I only skip the sunrise of Also Sprach Zarathustra, probably the most overplayed and banalized of all. Curiously I find that the sunrise in his brother Eine Alpensinfonie induces in me a sort of ambivalent nervous laughter.


----------



## Weston (Jul 11, 2008)

GioCar said:


> Into the whole symphony, I'd say...


Exactly. The opening theme is most definitely in every movement of Beethoven's 5th.



BPS said:


> I can think of three well-known works where the start is so famous and overplayed it might
> 
> act as a barrier to the rest of the piece. But once you get past the opening, there is a wealth of lovely
> 
> ...


Well, I for one knew exactly what you were getting at. It just doesn't happen for me with these particular pieces, fortunately.

In Zarathustra I have the opposite reaction and often think the remainder of the work is horribly 
anticlimactic compared to that famous opening. But I don't get where people have trouble connecting them. The three note opening fanfare is woven throughout this work too. It's just wonderfully fragmented. I wish Strauss' muse had tapped him on the shoulder and suggested "Hey! This makes a good ending, not a beginning."

Where it does happen to me is with Beethoven, but not his 5th Symphony. I have a little trouble with the opening of Beethoven's "Emperor" Concerto. What a pretentious swaggering pile of chords and gaudy arpeggios! But then the music gets utterly fantastic after Elvis takes off his cape as it were.

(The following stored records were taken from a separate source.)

Lemma exists_inL_scale x : exists N : nat, (0 < N)%N /\ inL (N%:R *: x).
Proof.
pose P : int := \prod_(i < 4) denq (x i 0).
have P_gt0 : 0 < P by apply: prodr_gt0 => i _; apply: denq_gt0.
exists `|P|%N; split=> [|i]; first by rewrite absz_gt0 gt_eqF.
rewrite mxE -[_%:R]/((Posz `|P|)%:~R) gez0_abs ?ltW // /P (bigD1 i) //= intrM.
by rewrite mulrAC [_ * x i 0]mulrC -numqE rpredM ?rpred_int.
Qed.

Lemma primitiveP x : primitive D x <-> forall q, prime q -> ~ inL' D (q%:R^-1 *: x).
Proof.
split=> [Px q q_pr | Pq r r_gt1 L'rx]; first exact/Px/prime_gt1.
have q_pr := pdiv_prime r_gt1; set q := pdiv r in q_pr *; apply: (Pq _ q_pr) => y Ly.
have r0 : (r%:R : rat) != 0 by rewrite pnatr_eq0 -lt0n ltnW.
have -> : q%:R^-1 *: x = (r %/ q)%:R *: (r%:R^-1 *: x).
  rewrite scalerA; congr (_ *: _); rewrite -{2}(divnK (pdiv_dvd r)) natrM invfM mulrA.
  by rewrite mulfV ?mul1r // pnatr_eq0 -lt0n divn_gt0 ?prime_gt0 // dvdn_leq ?pdiv_dvd // ltnW.
by rewrite bilZl; apply: rpredM; [apply: rpred_nat | apply: L'rx].
Qed.

Lemma inL_Qf v : inL v -> Qf D v \is a Num.int.
Proof. by move=> /inL_intmx <-; rewrite Qf_map rpred_int. Qed.

Lemma eichler_fixes_dual (u1 u2 : int) x : inL' D x ->
  inL (eichler_mx D u1%:~R u2%:~R *m x - x).
Proof.
move=> /inL'_coords[Za Zc Zd1 Zd2].
by rewrite eichler_mx_subE; apply/inL_vec4; rewrite /normb; split; num_int.
Qed.

Lemma swap_fixes_dual x : inL' D x -> inL (swap_mx rat D *m x - x).
Proof.
move=> /inL'_coords[Za Zc Zd1 Zd2].
by rewrite swap_mx_subE; apply/inL_vec4; split; num_int.
Qed.

End Lattice.

Section ToZp.
Variables (D : int) (p : nat).

Lemma toZp_intmx (w : 'cV[int]_4) : toZp p (map_mx intr w) = map_mx intr w.
Proof. by apply/matrixP => i j; rewrite !mxE numq_int. Qed.

Lemma toZpD u v : inL u -> inL v -> toZp p (u + v) = toZp p u + toZp p v.
Proof. by move=> /inL_intmx <- /inL_intmx <-; rewrite -map_mxD !toZp_intmx map_mxD. Qed.

Lemma toZpZ (k : nat) v : inL v -> toZp p (k%:R *: v) = k%:R *: toZp p v.
Proof.
move=> /inL_intmx <-; rewrite -(rmorph_nat intr) -map_mxZ !toZp_intmx map_mxZ.
by rewrite rmorph_nat.
Qed.

Lemma toZp_mulmx (g : 'M[int]_4) v : inL v ->
  toZp p (map_mx intr g *m v) = map_mx intr g *m toZp p v.
Proof. by move=> /inL_intmx <-; rewrite -!map_mxM !toZp_intmx map_mxM. Qed.

Lemma Qf_toZp v : inL v -> Qf D (toZp p v) = (numq (Qf D v))%:~R.
Proof. by move=> /inL_intmx <-; rewrite toZp_intmx !Qf_map numq_int. Qed.

Lemma bil_toZp u v : inL u -> inL v -> bil D (toZp p u) (toZp p v) = (numq (bil D u v))%:~R.
Proof. by move=> /inL_intmx <- /inL_intmx <-; rewrite !toZp_intmx !bil_map numq_int. Qed.

Lemma toZp_dual_mod x (N : nat) : inL' D x -> inL (N%:R *: x) ->
  dual_mod D (N%:R) (toZp p (N%:R *: x)).
Proof.
move=> /inL'_coords[/intrP[a ha] /intrP[c hc] /intrP[k1 hk1] /intrP[k2 hk2]] /inL_intmx vE.
rewrite -vE toZp_intmx; set w := map_mx numq _ in vE *.
have transfer (phi k : int) : (phi%:~R : rat) = (N%:Z * k)%:~R ->
    (phi%:~R : Zpadic p) = N%:R * k%:~R.
  by move=> /intr_inj ->; rewrite intrM.
exists a%:~R, c%:~R, k1%:~R, k2%:~R; rewrite cA_map cC_map dualb1_map dualb2_map.
split; apply: transfer.
- by rewrite -cA_map vE cAZ ha intrM.
- by rewrite -cC_map vE cCZ hc intrM.
- by rewrite -dualb1_map vE dualb1Z hk1 intrM.
- by rewrite -dualb2_map vE dualb2Z hk2 intrM.
Qed.

Lemma discr_kernel_in_Up (g : 'M[Zpadic p]_4) : discr_kernel D g -> in_Up D g.
Proof.
case=> dg Qg Kg; split=> // x L'x; have [N [N_gt0 LNx]] := exists_inL_scale x.
by exists N; split=> //; apply/Kg/toZp_dual_mod.
Qed.

End ToZp.

Section Reduction.
Variables (D : int) (p : nat) (p_pr : prime p) (X0 : 'cV[rat]_4) (N : nat).
Hypotheses (N_gt0 : (0 < N)%N) (LNX0 : inL (N%:R *: X0)) (L'X0 : inL' D X0).

Definition Y0 := vec4 (cA X0 * cC X0) 1 (cB1 X0) (cB2 X0).

Definition in_class X := inL (X - X0) /\ Qf D X = Qf D X0.

Definition reaches_Y0 X := exists G : 'M[Zpadic p]_4,
  discr_kernel D G /\ G *m toZp p (N%:R *: X) = toZp p (N%:R *: Y0).

Lemma in_class_L' X : in_class X -> inL' D X.
Proof. by case=> LXX0 _; apply: inL'_translate L'X0 LXX0. Qed.

Lemma in_class_inL_scale X : in_class X -> inL (N%:R *: X).
Proof.
case=> LXX0 _; rewrite -(subrK X0 X) scalerDr.
by apply: inLD => //; apply: (inLZ N%:Z LXX0).
Qed.

Lemma in_class_mx (g : 'M[rat]_4) X : preserves_Qf D g ->
  (forall x, inL' D x -> inL (g *m x - x)) -> in_class X -> in_class (g *m X).
Proof.
move=> Qg Kg XX0; have [LXX0 QX] := XX0; split; last by rewrite Qg.
exact: inL_subr_trans (Kg _ (in_class_L' XX0)) LXX0.
Qed.

Lemma Qf_Y0 : Qf D Y0 = Qf D X0.
Proof. by rewrite /Y0 /Qf /normb !vec4E mulr1. Qed.

Lemma inL_scale_Y0 : inL (N%:R *: Y0).
Proof.
have [ZA ZC _ _] := inL'_coords L'X0.
move: LNX0; rewrite {1}[X0]vec4_coords /Y0 !scale_vec4 => /inL_vec4[_ _ Zb1 Zb2].
by apply/inL_vec4; split; num_int.
Qed.

Lemma cC_toZp_Y0 : cC (toZp p (N%:R *: Y0)) = N%:R.
Proof. by rewrite /toZp cC_map cCZ cC_vec4 mulr1 -[N%:R]/((N%:Z)%:~R) numq_int. Qed.

Lemma cB1_toZp_Y0 : cB1 (toZp p (N%:R *: Y0)) = cB1 (toZp p (N%:R *: X0)).
Proof. by rewrite /toZp !cB1_map !cB1Z cB1_vec4. Qed.

Lemma cB2_toZp_Y0 : cB2 (toZp p (N%:R *: Y0)) = cB2 (toZp p (N%:R *: X0)).
Proof. by rewrite /toZp !cB2_map !cB2Z cB2_vec4. Qed.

But what often happens to me in a similar vein is having trouble with an entire composer's output based on overused pieces. I think Eine kleine Nachtmusik, the Sonata Semplice No 16 in C and the Alla Turca Rondo for too many years reminded me of mustard and pretense. Only in my encroaching old age have I been able to start appreciating Mozart - some of it.


----------



## PetrB (Feb 28, 2012)

I suppose there might be a few of the very most naive who first hear these extracts, then buy a CD say, of the Strauss piece, and are then surprised the disc is not filled with one short track after the other of Television commercial length bits of music ???

I don't really think those who are that naive must be of a kind in any great number. It is sometimes a little surprising to some that that cool bit they liked is part of a twenty minute piece in sections or movements, but is that really any sort of 'barrier' to a listener's investigating the entire work? Maybe, but then, they are not then ready, no? If not, they are ready. 

I wonder why the OP then, is much of a topic


----------



## bigshot (Nov 22, 2011)

arcaneholocaust said:


> I don't think BPS is referring to overplaying on the listener's part as much as the little bits of music you can only avoid if you never turn on a television.


That doesn't matter to me, because after the little bit in the commercial is over, I'm playing the rest of it back in my head.


----------



## brianvds (May 1, 2013)

Rachmaninov's second piano concerto, perhaps? And then, with his Paganini rhapsody, everyone just sits around waiting for the 18th variation.


----------



## PetrB (Feb 28, 2012)

GioCar said:


> Sorry, where is the wealth of lovely music in Orff's work?


Well, in Carmina Burana, anyway, after the introductory _O Fortuna_ it is one hit tune after another all the way through its remaining 24 segments! -- those are simple, folk or folk-ish, if you will, but they are hit tune after hit tune at least as much as Verdi's La Traviata is hit tune after hit tune.

For the rest of Orff, I have found little of interest or charm


----------